I seldom take notice of business-oriented newsletters, and usually discard them after a cursory glance. A few days ago, however, a newsletter from Carcanet caught my eye, because it opened with a poem that resonates with an old memory and celebrates something that academics all too often look down at and dismiss as 'pre-modern', 'Romantic', etc.: the pre-Celtic Twilight poetry of W. B. Yeats. Even though I was lucky, as an undergraduate student, to have had an English Lit teacher who actually liked this Yeats and encouraged us to engage with his first poems, I now realise it's been years since I last read them. By coincidence, yesterday, rummaging through a couple of old boxes for hidden treasures, I was delighted to find a dog-eared copy of this wonderful Fairy & Folk Tales of Ireland that Yeats edited between 1888 and 1892, and which inspired in me the same sense of awe as when I read the ghost/horror/gothic tales of Edgar Allan Poe, Lafcadio Hearn, Sheridan Le Fanu...
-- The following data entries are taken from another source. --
(* Let $X$ be a Hausdorff complex topological vector space with $\dim X>1$, and let $\Gamma$ be an SOT-dense subset of $\mathcal{B}(X)$. Then there exists $\Gamma_1\subset\Gamma$ such that $\Gamma_1$ is SOT-dense in $\mathcal{B}(X)$ and $\Gamma_1$ is not strictly transitive.
   Context: $\mathcal{B}(X)$ denotes the space of continuous linear operators on $X$. A set $\Gamma\subset\mathcal{B}(X)$ is strictly transitive if for each pair of nonzero $x,y\in X$ there exist $\alpha\in\mathbb{C}$ and $T\in\Gamma$ with $\alpha Tx=y$. The strong operator topology (SOT) on $\mathcal{B}(X)$ is the topology in which $T$ has a neighborhood basis of sets $\{S\in\mathcal{B}(X): Se_i-Te_i\in U,\ i=1,\dots,k\}$, where $k\in\mathbb{N}$, $e_1,\dots,e_k\in X$ are linearly independent, and $U$ is a neighborhood of $0$ in $X$. *)

From Stdlib Require Import Reals.
Open Scope R_scope.

Record Cplx := mkC { Cre : R; Cim : R }.
Definition C0 : Cplx := mkC 0 0.
Definition C1 : Cplx := mkC 1 0.
Definition Cadd (a b : Cplx) : Cplx := mkC (Cre a + Cre b) (Cim a + Cim b).
Definition Copp (a : Cplx) : Cplx := mkC (- Cre a) (- Cim a).
Definition Cmul (a b : Cplx) : Cplx :=
  mkC (Cre a * Cre b - Cim a * Cim b) (Cre a * Cim b + Cim a * Cre b).
(** squared modulus; the Euclidean topology on C is given by balls *)
Definition Cnorm2 (a : Cplx) : R := Cre a * Cre a + Cim a * Cim a.
Definition Cdist_lt (a b : Cplx) (eps : R) : Prop :=
  Cnorm2 (Cadd a (Copp b)) < eps * eps.

Record CTVS := {
  vec :> Type;
  vadd : vec -> vec -> vec;
  vzero : vec;
  vopp : vec -> vec;
  vscal : Cplx -> vec -> vec;
  vadd_assoc : forall x y z, vadd x (vadd y z) = vadd (vadd x y) z;
  vadd_comm : forall x y, vadd x y = vadd y x;
  vadd_0 : forall x, vadd x vzero = x;
  vadd_opp : forall x, vadd x (vopp x) = vzero;
  vscal_1 : forall x, vscal C1 x = x;
  vscal_mul : forall a b x, vscal a (vscal b x) = vscal (Cmul a b) x;
  vscal_addv : forall a x y, vscal a (vadd x y) = vadd (vscal a x) (vscal a y);
  vscal_addC : forall a b x, vscal (Cadd a b) x = vadd (vscal a x) (vscal b x);
  is_open : (vec -> Prop) -> Prop;
  open_full : is_open (fun _ => True);
  open_inter : forall U V, is_open U -> is_open V -> is_open (fun x => U x /\ V x);
  open_union : forall (F : (vec -> Prop) -> Prop),
      (forall U, F U -> is_open U) -> is_open (fun x => exists U, F U /\ U x);
  vadd_cont : forall x y W, is_open W -> W (vadd x y) ->
      exists U V, is_open U /\ is_open V /\ U x /\ V y /\
        (forall u v, U u -> V v -> W (vadd u v));
  vscal_cont : forall a x W, is_open W -> W (vscal a x) ->
      exists eps U, eps > 0 /\ is_open U /\ U x /\
        (forall b u, Cdist_lt b a eps -> U u -> W (vscal b u))
}.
The temptation is too strong to resist, so, once again, I'll have to redefine my reading priorities for the next few days, and fully immerse myself in the Irish other-world of changelings, ghosts, demon cats & other evil spirits, trooping & solitary fairies, witches, and, of course, good ol' Cuchulain... No waste of time, for sure.


In the meantime, here goes the Carcanet message, with due thanks for the thoughtful selection.

'He Wishes for the Cloths of Heaven’ by W.B. Yeats

Had I the heavens’ embroidered cloths,
Enwrought with golden and silver light,
The blue and the dim and the dark cloths
Of night and light and the half light,
I would spread the cloths under your feet:
But I, being poor, have only my dreams;
I have spread my dreams under your feet;
Tread softly because you tread on my dreams.


The First Yeats: Poems by W.B. Yeats 1889-1899
Unrevised texts, edited with an introduction by Edward Larrissy

W.B. Yeats (1865-1939) began writing poetry as a devotee of Blake, Shelley, the pre-Raphaelites, and of nineteenth-century Irish poets including James Clarence Mangan and Samuel Ferguson. By the end of his life, he had, as T.S. Eliot said, created a poetic language for the twentieth century. The First Yeats deepens our understanding of the making of that poetic imagination, reprinting the original texts of Yeats's three early collections, The Wanderings of Oisin and Other Poems (1889), The Countess Kathleen and Various Legends and Lyrics (1892), and The Wind Among the Reeds (1899). The poems were subsequently heavily revised or discarded. Among them are some of the best-loved poems in English – 'The LakeIsle of Innisfree', 'He Wishes for the Cloths of Heaven' – fresh and unfamiliar here in their original contexts, together with Yeats's lengthy notes which were drastically cut in the collected editions.

This illuminating edition by Edward Larrissy, editor of W.B. Yeats, The Major Works (Oxford University Press, 2000), includes an introduction that clarifies the literary, historical and intellectual context of the poems, detailed notes, and a bibliography. It offers essential material for reading – and revaluing – one of the great modern poets.

William Butler Yeats (1865-1939) was one of the greatest poets and dramatists of the twentieth century. Educated in London and in Dublin, the young Yeats was at the centre of fin de siècle London’s literary society and his friends included George Bernard Shaw and Oscar Wilde. His first volume of verse appeared in 1886. He returned to Ireland in 1891 and was a driving force behind the Irish Literary Revival. In 1895 he achieved poetic recognition with Poems. After the establishment of the Irish Free State in 1922, he became a senator. He won the Nobel Prize for Literature in 1923. Yeats died in France in 1939.

Edward Larrissy is Professor of Poetry at Queen’s University, Belfast. He is the author of Yeats the Poet: The Measures of Difference (Harvester, 1994) and the editor of W.B. Yeats, The Major Works (Oxford University Press, 2000).